Originally Posted by
T-Mar
While the load directions are different between the front and rear sprockets, the load distribution is not the same. The load is distributed over many more teeth on the front. Depending on the gear combination, the individual tooth load (and consequently the individual link wear) on the rear can be 4X to 5x that on the front. This why rear cogs are typically manufactured from steel, while chainrings can be made from aluminum.
Also, while the rollers can rotate, leading to more even wear, the other wear surfaces are the bushes/flanges on the inner plates and these only pivot though a limited range as the chain wraps around a cog. This, in conjunction with the higher loads at the rear, results in bush/flange wear that is predominantly on one side. Once the flanges wear enough, the pin will start to wear, again predominantly on one side. Attached are pictures showing (extreme) bush/flange and pin wear and how it occurs predominantly on one side. Consequently, periodic reversal of chain direction can extend chain life...
I am surprised to find such detailed photos of the chain's inner wear surfaces, I didn't even consider it worthwhile to search for them!
But I don't consider it likely worthwhile to reverse the chain even once during it's service life on account of roller-to-bush wear.
This because once the wear occurs to the more-worn side of the sideplate bushes, it doesn't get put back when the chain is reversed. The lower-wear side gets moved to the higher-wear position, but the wear still contributes to roller freeplay in the loaded direction.
And, speaking of roller free-play, this doesn't contribute to any increase in the chain's pitch, so would not be expected to affect sprocket wear or even the ability to mate with more- or less-worn sprockets. It's kind of irrelevent then, no?

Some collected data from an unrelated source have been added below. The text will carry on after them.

(* Let $f:2^V\to\mathbb{Z}_{\ge0}$ be a connectivity function, $W\subseteq V$, and $(C_1,C_2,C_3)$ a tripartition of $V$ such that for each $i\in\{1,2,3\}$, $f(C_i)<f(W)/2$ and $W$ directly orients $C_i$. Then $(C_1,C_2,C_3)$ is a $W$-improvement.
   Context: A connectivity function $f:2^V\to\mathbb{Z}_{\ge0}$ ($V$ finite) satisfies $f(\emptyset)=0$, $f(X)=f(V\setminus X)$, and $f(X\cup Y)+f(X\cap Y)\le f(X)+f(Y)$. Write $\overline{X}=V\setminus X$. The set $W$ directly orients $C$ if $f(C\cap W)<f(\overline{C}\cap W)$ and $f(C\cap\overline{W})<f(\overline{C}\cap\overline{W})$. A tripartition of $V$ is a triple of pairwise disjoint (possibly empty) sets with union $V$. For $W\subseteq V$, a $W$-improvement is a tripartition $(C_1,C_2,C_3)$ of $V$ with $f(C_i)<f(W)/2$, $f(C_i\cap W)<f(W)$, $f(C_i\cap\overline{W})<f(W)$ for each $i$. *)

From mathcomp Require Import all_boot.
Set Implicit Arguments. Unset Strict Implicit. Unset Printing Implicit Defensive.

Definition connectivity_function (V : finType) (f : {set V} -> nat) : Prop :=
  [/\ f set0 = 0,
      (forall X : {set V}, f X = f (~: X)) &
      (forall X Y : {set V}, f (X :|: Y) + f (X :&: Y) <= f X + f Y)].

Definition directly_orients (V : finType) (f : {set V} -> nat) (W C : {set V}) : Prop :=
  f (C :&: W) < f (~: C :&: W) /\ f (C :&: ~: W) < f (~: C :&: ~: W).

Definition tripartition (V : finType) (C1 C2 C3 : {set V}) : Prop :=
  [/\ [disjoint C1 & C2], [disjoint C1 & C3], [disjoint C2 & C3] &
      C1 :|: C2 :|: C3 = [set: V]].

(* f(C) < f(W)/2, stated exactly over nat as 2 f(C) < f(W) *)
Definition half_lt (V : finType) (f : {set V} -> nat) (W C : {set V}) : Prop :=
  2 * f C < f W.

Definition W_improvement (V : finType) (f : {set V} -> nat) (W C1 C2 C3 : {set V}) : Prop :=
  tripartition C1 C2 C3 /\
  forall C, C \in [:: C1; C2; C3] ->
    [/\ half_lt f W C, f (C :&: W) < f W & f (C :&: ~: W) < f W].

From mathcomp Require Import all_boot.
From mathcomp Require Import zify.

Set Implicit Arguments.
Unset Strict Implicit.

(* Symmetry and submodularity make f posimodular.  Posimodularity applied to W
   and C, and to W and the complement of C, together with subadditivity on the
   split of the complement of W, give f(C ∩ W) + f(C̄ ∩ W) <= f(W) + 2 f(C) < 2 f(W).
   If W directly orients C, the first summand is the smaller one, hence below
   f(W); the same argument with W replaced by its complement handles C ∩ W̄. *)

Section ConnectivityFunction.

Variables (V : finType) (f : {set V} -> nat).
Hypothesis f_conn : connectivity_function f.

Lemma conn_setC X : f (~: X) = f X.
Proof. by case: f_conn => _ fC _; rewrite fC setCK. Qed.

Lemma conn_submod X Y : f (X :|: Y) + f (X :&: Y) <= f X + f Y.
Proof. by case: f_conn. Qed.

Lemma conn_subadd X Y : f (X :|: Y) <= f X + f Y.
Proof. exact: leq_trans (leq_addr _ _) (conn_submod X Y). Qed.

Lemma conn_posimod X Y : f (X :\: Y) + f (Y :\: X) <= f X + f Y.
Proof.
have := conn_submod X (~: Y).
by rewrite -conn_setC setCU setCK conn_setC addnC -setDE setIC -setDE.
Qed.

Lemma conn_splitI_le W C : f (C :&: W) + f (~: C :&: W) <= f W + 2 * f C.
Proof.
have subW : f W <= f (C :&: ~: W) + f (~: C :&: ~: W).
  by rewrite -conn_setC -{1}[~: W]setTI -(setUCr C) setIUl conn_subadd.
have posC := conn_posimod W C.
have posCc := conn_posimod W (~: C).
rewrite !setDE setCK conn_setC in posC posCc.
rewrite [W :&: C]setIC [W :&: ~: C]setIC in posC posCc.
lia.
Qed.

Lemma conn_oriented_part_lt W C :
  2 * f C < f W -> f (C :&: W) < f (~: C :&: W) -> f (C :&: W) < f W.
Proof. by move: (conn_splitI_le W C); lia. Qed.

End ConnectivityFunction.

Theorem lemma4 (V : finType) (f : {set V} -> nat) (W C1 C2 C3 : {set V}) :
  connectivity_function f ->
  tripartition C1 C2 C3 ->
  (forall C, C \in [:: C1; C2; C3] -> half_lt f W C /\ directly_orients f W C) ->
  W_improvement f W C1 C2 C3.
Proof.
move=> f_conn C_part hC; split=> // C /hC [C_half [orW orWc]]; split=> //.
  exact: conn_oriented_part_lt.
rewrite -(conn_setC f_conn W).
by apply: conn_oriented_part_lt; rewrite ?conn_setC.
Qed.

Then there is the severely-worn state of the pictured chain links! While it
would in theory be a good idea to reverse a chain before (as pictured) the bush surfaces were failing asymmetrically, I believe that this chain's wear status is of the order of perhaps 2% or more, which would be about
4X of the recommended replacement point! I can't recall seeing a chain this worn on any modern bike given even a minimum of economy-class servicing, and I've studied many chain link parts over the years.
It's likely that the
pin-to-bush surfaces (independent of the rollers!) have their own wear asymmetry of a different sort, namely that the wear will tend to occur slightly off of the purely length-wise axis, and which would mean that
inside-outing (not reversing) the chain loop might somewhat actually benefit the chain's
effective pitch as it "bends" around the finite radii of the sprockets. I'm not able to measure this however, since all of my chain measuring tools/techniques pull the chain in straight tension as it is measured.
So, for those who are perhaps already removing their chain for some reason during it's service life, perhaps some benefit to the chain's
effective pitch (and thus service life) might be realized by flipping the chain's loop inside-out! But this of course excludes all of the newer, so-called "directional" chains (which aren't so much directional as asymmetric, semantics noted earlier by CliffordK in one of this thread's first replies).
And further, per jackbombay's datapoint, and to the extent that inside-outing the chain loop benefits (reduces) the chain's
effective pitch, I suppose that in the case of a severely-worn chain that this
might actually cause
slipping on the "more-worn" (than the flipped chain's pitch) sprockets that the worn chain was wedded to!